İçeriğinde empati, bilgi alışverişi veya ortak eylemler sırasında herhangi bir hedefe ulaşılması olan etkileşimin bir sonucu olarak, mekansal ve zamansal yakınlık koşullarında insanlar arasında kişisel sempati, kayıtsızlık ve düşmanlık ilişkileri ortaya çıkar. Olumlu kişilerarası ilişkiler “ideal” bir liderin oluşturması gereken şeydir. Bunlar, belirli bir takımın her üyesinin mümkün olduğu kadar çok arkadaşa sahip olduğu ve sınıf arkadaşlarının geri kalanıyla karşılıklı sempati, güven ilişkileriyle bağlandığı, ortak faaliyetler sırasında gelişen, sınıftaki öğrenciler arasında istikrarlı ve anlamlı temaslardır. saygının yanı sıra empati duygusu. Eğer bu ilişkiler kurulursa, bu “ideal” lider için büyük bir onurdur.

İyi bir lider, her soruna her zaman ayrıntılı olarak yaklaşır, her şeyi ayrıntılı olarak tartar. Ona yakın "ideal" lider veya öğretmen, ne tür sorunları olursa olsun, öğrencilere her zaman yardım etmeye hazırdır. Tüm isteklere cevap verir, empati kurar, sempati duyar.

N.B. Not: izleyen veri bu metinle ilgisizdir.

(* Let $\xi=e_{12}-e_{14}$ and $U=\{x\in\mathbb R^4:x^2+x^4>0\}$. On $U$ use the coordinates $\tilde x^1=x^2+x^4$, $\tilde x^2=-x^1/(x^2+x^4)$, $\tilde x^3=x^3$, $\tilde x^4=\tfrac12(x^1)^2+x^2(x^2+x^4)$ (a diffeomorphism of $U$ onto $(0,\infty)\times\mathbb R^3$). Then a smooth covector field $A$ on $U$ satisfies $L_\xi A=0$ if and only if there are smooth functions $C_1,C_2,C_3,B$ of $(\tilde x^1,\tilde x^3,\tilde x^4)\in(0,\infty)\times\mathbb R^2$ such that $$A_1=C_2\tilde x^2+C_3,\quad A_2=\tfrac12C_2(\tilde x^2)^2+C_3\tilde x^2+C_1,\quad A_3=B,\quad A_4=A_2+C_2 .$$
   Context: Work in $\mathbb R^4$ with Galilean (Cartesian) coordinates $x^1,x^2,x^3,x^4$ of Minkowski space (metric $\mathrm{diag}(-1,-1,-1,1)$). A potential on an open set $U\subseteq\mathbb R^4$ is a smooth covector field $A=A_i\,dx^i$; its components $A_i$ are always those with respect to the coordinates $x^i$, even when written as functions of other variables. For a vector field $\xi=\xi^k\partial_k$ the Lie derivative is $(L_\xi A)_i=\xi^k\partial_kA_i+A_k\partial_i\xi^k$. The vector fields used are, by components $(\xi^1,\xi^2,\xi^3,\xi^4)$: $e_1=(1,0,0,0)$, $e_2=(0,1,0,0)$, $e_3=(0,0,1,0)$, $e_4=(0,0,0,1)$, $e_{12}=(-x^2,x^1,0,0)$, $e_{13}=(x^3,0,-x^1,0)$, $e_{23}=(0,-x^3,x^2,0)$, $e_{14}=(x^4,0,0,x^1)$, $e_{24}=(0,x^4,0,x^2)$, $e_{34}=(0,0,x^4,x^3)$. A potential admits a family of vector fields if $L_\xi A=0$ for each $\xi$ in it (equivalently for every element of their linear span). ''Functions'' are smooth real functions; $\mathrm{ch}=\cosh$, $\mathrm{sh}=\sinh$. *)

From Stdlib Require Import Reals List.
From Coquelicot Require Import Coquelicot.
Open Scope R_scope.

Definition R4 : Type := (R * R * R * R)%type.
(* Points (y1,y2,y3) of R^3 (used for (x~1, x~3, x~4)). *)
Definition R3 : Type := (R * R * R)%type.

Definition coord4 (x : R4) (i : nat) : R :=
  match x with (x1, x2, x3, x4) =>
    match i with 1%nat => x1 | 2%nat => x2 | 3%nat => x3 | 4%nat => x4 | _ => 0 end
  end.

Definition upd4 (x : R4) (i : nat) (t : R) : R4 :=
  match x with (x1, x2, x3, x4) =>
    match i with
    | 1%nat => (t, x2, x3, x4) | 2%nat => (x1, t, x3, x4)
    | 3%nat => (x1, x2, t, x4) | 4%nat => (x1, x2, x3, t)
    | _ => x end
  end.

Definition coord3 (y : R3) (i : nat) : R :=
  match y with (y1, y2, y3) =>
    match i with 1%nat => y1 | 2%nat => y2 | 3%nat => y3 | _ => 0 end
  end.

Definition upd3 (y : R3) (i : nat) (t : R) : R3 :=
  match y with (y1, y2, y3) =>
    match i with
    | 1%nat => (t, y2, y3) | 2%nat => (y1, t, y3) | 3%nat => (y1, y2, t)
    | _ => y end
  end.

Definition pd4 (i : nat) (f : R4 -> R) : R4 -> R :=
  fun x => Derive (fun t => f (upd4 x i t)) (coord4 x i).
Definition pd3 (i : nat) (f : R3 -> R) : R3 -> R :=
  fun y => Derive (fun t => f (upd3 y i t)) (coord3 y i).

Fixpoint dl4 (l : list nat) (f : R4 -> R) : R4 -> R :=
  match l with nil => f | i :: l' => pd4 i (dl4 l' f) end.
Fixpoint dl3 (l : list nat) (f : R3 -> R) : R3 -> R :=
  match l with nil => f | i :: l' => pd3 i (dl3 l' f) end.

Definition smooth4 (U : R4 -> Prop) (f : R4 -> R) : Prop :=
  forall (l : list nat) (x : R4), U x ->
    continuous (dl4 l f) x /\
    forall i : nat, ex_derive (fun t => dl4 l f (upd4 x i t)) (coord4 x i).
Definition smooth3 (V : R3 -> Prop) (f : R3 -> R) : Prop :=
  forall (l : list nat) (y : R3), V y ->
    continuous (dl3 l f) y /\
    forall i : nat, ex_derive (fun t => dl3 l f (upd3 y i t)) (coord3 y i).

(* Vector fields and covector fields: components indexed by 1..4. *)
Definition vfield := nat -> R4 -> R.
Definition covfield := nat -> R4 -> R.

Definition sum4 (g : nat -> R) : R := g 1%nat + g 2%nat + g 3%nat + g 4%nat.

Definition lie (xi : vfield) (A : covfield) (i : nat) (x : R4) : R :=
  sum4 (fun k => xi k x * pd4 k (A i) x + A k x * pd4 i (xi k) x).

Definition e12 : vfield := fun k x =>
  match k with 1%nat => - coord4 x 2 | 2%nat => coord4 x 1 | _ => 0 end.
Definition e14 : vfield := fun k x =>
  match k with 1%nat => coord4 x 4 | 4%nat => coord4 x 1 | _ => 0 end.

Definition vf_sub (a b : vfield) : vfield := fun k x => a k x - b k x.

Definition Ugood (x : R4) : Prop := coord4 x 2 + coord4 x 4 > 0.
Definition Vgood (y : R3) : Prop := coord3 y 1 > 0.

Definition tx1 (x : R4) : R := coord4 x 2 + coord4 x 4.
Definition tx2 (x : R4) : R := - coord4 x 1 / (coord4 x 2 + coord4 x 4).
Definition tx3 (x : R4) : R := coord4 x 3.
Definition tx4 (x : R4) : R :=
  / 2 * (coord4 x 1) ^ 2 + coord4 x 2 * (coord4 x 2 + coord4 x 4).

From Stdlib Require Import Reals List Lra Lia.
From Coquelicot Require Import Coquelicot.
Open Scope R_scope.

(* Along the explicit polynomial flow of xi = e12 - e14 the coordinates x~1, x~3, x~4 are
   constant and x~2 increases with unit speed, and the orbit of x meets the slice x^1 = 0 at
   [section (x~1, x~3, x~4)].  By the chain rule, L_xi A = 0 says exactly that
   a_k(u) = A_k(flow u) solves a1' = a4 - a2, a2' = a1, a3' = 0, a4' = a1, whose solutions
   are the stated polynomials in u = x~2 with coefficients the values of A on the slice;
   conversely those polynomials solve the system.  The coefficients C = A o section are
   smooth because the functions generated by the coordinates, 1/y1 and pullbacks along
   [section] form an algebra closed under partial differentiation.  The chain rule itself
   rests on the first-order expansion of a function with continuous partial derivatives,
   obtained coordinate by coordinate from the mean value theorem. *)

(** * Chain rule in four variables *)

Lemma coord4_upd4_same x k t : (1 <= k <= 4)%nat -> coord4 (upd4 x k t) k = t.
Proof.
  intros Hk; destruct x as [[[x1 x2] x3] x4].
  destruct k as [|[|[|[|[|k]]]]]; simpl; reflexivity || lia.
Qed.

Lemma coord4_upd4_other x k j t : j <> k -> coord4 (upd4 x k t) j = coord4 x j.
Proof.
  intros Hjk; destruct x as [[[x1 x2] x3] x4].
  destruct k as [|[|[|[|[|k]]]]]; destruct j as [|[|[|[|[|j]]]]]; simpl;
    reflexivity || congruence.
Qed.

Lemma upd4_upd4 x k s t : upd4 (upd4 x k s) k t = upd4 x k t.
Proof. destruct x as [[[x1 x2] x3] x4]; destruct k as [|[|[|[|[|k]]]]]; reflexivity. Qed.

Lemma upd4_coord4 x k : upd4 x k (coord4 x k) = x.
Proof. destruct x as [[[x1 x2] x3] x4]; destruct k as [|[|[|[|[|k]]]]]; reflexivity. Qed.

Lemma upd3_coord3 y k : upd3 y k (coord3 y k) = y.
Proof. destruct y as [[y1 y2] y3]; destruct k as [|[|[|[|k]]]]; reflexivity. Qed.

Definition box4 (p : R4) (d : R) (z : R4) : Prop :=
  forall k, (1 <= k <= 4)%nat -> Rabs (coord4 z k - coord4 p k) < d.

Lemma locally_box4 (p : R4) (P : R4 -> Prop) :
  locally p P -> exists d, d > 0 /\ forall z, box4 p d z -> P z.
Proof.
  intros [e He]; exists e; split; [apply cond_pos|].
  intros z Hz; apply He.
  destruct p as [[[p1 p2] p3] p4], z as [[[z1 z2] z3] z4].
  repeat split; [apply (Hz 1%nat) | apply (Hz 2%nat) | apply (Hz 3%nat) | apply (Hz 4%nat)]; lia.
Qed.

Lemma filter_forall_coords4 {T : Type} {F : (T -> Prop) -> Prop} {FF : Filter F}
  (P : nat -> T -> Prop) :
  (forall k, (1 <= k <= 4)%nat -> F (P k)) -> F (fun z => forall k, (1 <= k <= 4)%nat -> P k z).
Proof.
  intros H.
  assert (H12 := filter_and (F := F) _ _ (H 1%nat ltac:(lia)) (H 2%nat ltac:(lia))).
  assert (H34 := filter_and (F := F) _ _ (H 3%nat ltac:(lia)) (H 4%nat ltac:(lia))).
  generalize (filter_and (F := F) _ _ H12 H34); apply filter_imp; intros z [[H1 H2] [H3 H4]] k Hk.
  destruct k as [|[|[|[|[|k]]]]]; assumption || lia.
Qed.
(* Assume the setting in the context. Let $\tilde M(i,i)$ be a simple $\tilde\Lambda$-module with $m_k\le i<m_{k+1}$ for some $1\le k\le r$. Then $\tilde M(i,i)$ is a cyclic simple module if and only if $i\equiv m_k\pmod{l_k}$ or $i\equiv m_k-1\pmod{l_k}$.
   Context: $\mathbf{k}$ a field, $n\ge2$. Setting: integers $0=m_1<\dots<m_{r+1}=m$, $l_k\ge2$, $\Lambda_k=\mathbf{k}A_{[m_k,m_{k+1}]}/R^{l_k}$ ($A_{[a,b]}$: vertices $a,\dots,b$, arrows $\alpha_t\colon t\to t-1$; $R$ the arrow ideal), each of global dimension $n$ and admitting an $n\mathbb{Z}$-cluster tilting subcategory (so $n$ is even, $l_k\mid m_{k+1}-m_k$, $n=2(m_{k+1}-m_k)/l_k$). $\Lambda=\Lambda_1\ast\cdots\ast\Lambda_r$ is the gluing (quotient of $\mathbf{k}A_{[0,m]}$ by the ideal generated by the $R^{l_k}$ on the pieces and $\alpha_{m_k}\alpha_{m_k+1}$, $2\le k\le r$), and $\tilde\Lambda$ its self-gluing $\mathbf{k}\tilde A_m/\tilde I$ ($\tilde A_m$: vertices $1,\dots,m$, arrows $\alpha_t\colon t\to t-1$, $\alpha_1\colon1\to m$; vertex $0$ identified with $m$; $\tilde I$ generated by the image of the ideal of $\Lambda$ and $\alpha_m\alpha_1$). $\tilde M(i,i)$ is the simple at vertex $i$ (mod $m$). The resolution quiver of $\tilde\Lambda$ has the simples as vertices and an arrow $S_i\to S_j$ iff $S_j\cong\tau\operatorname{soc}P_i$, where $P_i$ is the projective cover of $S_i$ and $\tau$ the Auslander–Reiten translation; a simple is cyclic if it lies on an oriented cycle of the resolution quiver. *)

From mathcomp Require Import all_boot.
Set Implicit Arguments. Unset Strict Implicit. Unset Printing Implicit Defensive.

DERS No. 16. Eğitim teşhisi

1. Ebeveynler için ipuçları

Ebeveynler, özellikle yaşamın ilk yıllarında bir çocuğun hayatındaki en önemli kişilerdir. Anne-babalar ya çocuğunun doğru yola girmesine yardımcı olabilir ya da çocuğun yetiştirilmesine dikkat etmeyebilir, bu da kötü sonuçlara yol açabilir. Anne-babalar genellikle çocuklarını kendilerini nasıl yetiştirdilerse öyle yetiştirirler. Ebeveynler, bir çocuğun, küçük de olsa, kendi duyguları ve deneyimleri olan bir kişi olduğunu anlamalıdır.

Çocukların çoğu çok yeteneklidir. Ebeveynler çocuklarına dikkat etmeli, yeteneklerini geliştirmeleri için onları doğru çevrelere ve bölümlere göndermelidir.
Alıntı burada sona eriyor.